* WORK INSTRUCTION *
Find the line with "- specialize (P0 ltac:(lia)); specialize (P2". Repeat it and each line after it, exactly, down to the end of the records below.

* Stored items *
□ □ □
Lemma count_cube_slab_ge M h y : (0 < M)%nat -> 0 < h <= 1 -> on_cube y ->
  2 * (INR M * (h * INR M - 2)) <= sumR (fun u => ind_abs (dot3 y u) h) (cube_grid M).
Proof.
  intros HM Hh [j [sg [p [q [Hj [Hs [Hp [Hq ->]]]]]]]].
  rewrite sumR_cube_grid; unfold faces; cbn [sumR fst snd].
  set (D := fun i s => grid_sum2 M (fun g1 g2 => ind_abs (dot3 (cube_pt j sg p q) (cube_pt i s g1 g2)) h)).
  change (2 * (INR M * (h * INR M - 2)) <= D 0%nat 1 + (D 0%nat (-1) + (D 1%nat 1 + (D 1%nat (-1)
    + (D 2%nat 1 + (D 2%nat (-1) + 0)))))).
  assert (Hnn : forall i s, 0 <= D i s) by (intros; apply grid_sum2_nonneg).
  pose proof (Hnn 0%nat 1); pose proof (Hnn 0%nat (-1)); pose proof (Hnn 1%nat 1);
  pose proof (Hnn 1%nat (-1)); pose proof (Hnn 2%nat 1); pose proof (Hnn 2%nat (-1)).
  assert (P0 : j <> 0%nat -> INR M * (h * INR M - 2) <= D 0%nat 1 + D 0%nat (-1))
    by (intros; destruct Hj as [-> | [-> | ->]]; [lia | |]; unfold D; opposite_faces_ge sg p q).
  assert (P1 : j <> 1%nat -> INR M * (h * INR M - 2) <= D 1%nat 1 + D 1%nat (-1))
    by (intros; destruct Hj as [-> | [-> | ->]]; [| lia |]; unfold D; opposite_faces_ge sg p q).
  assert (P2 : j <> 2%nat -> INR M * (h * INR M - 2) <= D 2%nat 1 + D 2%nat (-1))
    by (intros; destruct Hj as [-> | [-> | ->]]; [| | lia]; unfold D; opposite_faces_ge sg p q).
  destruct Hj as [-> | [-> | ->]].
  - specialize (P1 ltac:(lia)); specialize (P2 ltac:(lia)); lra.
  - specialize (P0 ltac:(lia)); specialize (P2 ltac:(lia)); lra.
  - specialize (P0 ltac:(lia)); specialize (P1 ltac:(lia)); lra.
Qed.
□ □ □
* SOLUTION FOR THIS PROBLEM *
  - specialize (P0 ltac:(lia)); specialize (P2 ltac:(lia)); lra.
  - specialize (P0 ltac:(lia)); specialize (P1 ltac:(lia)); lra.
Qed.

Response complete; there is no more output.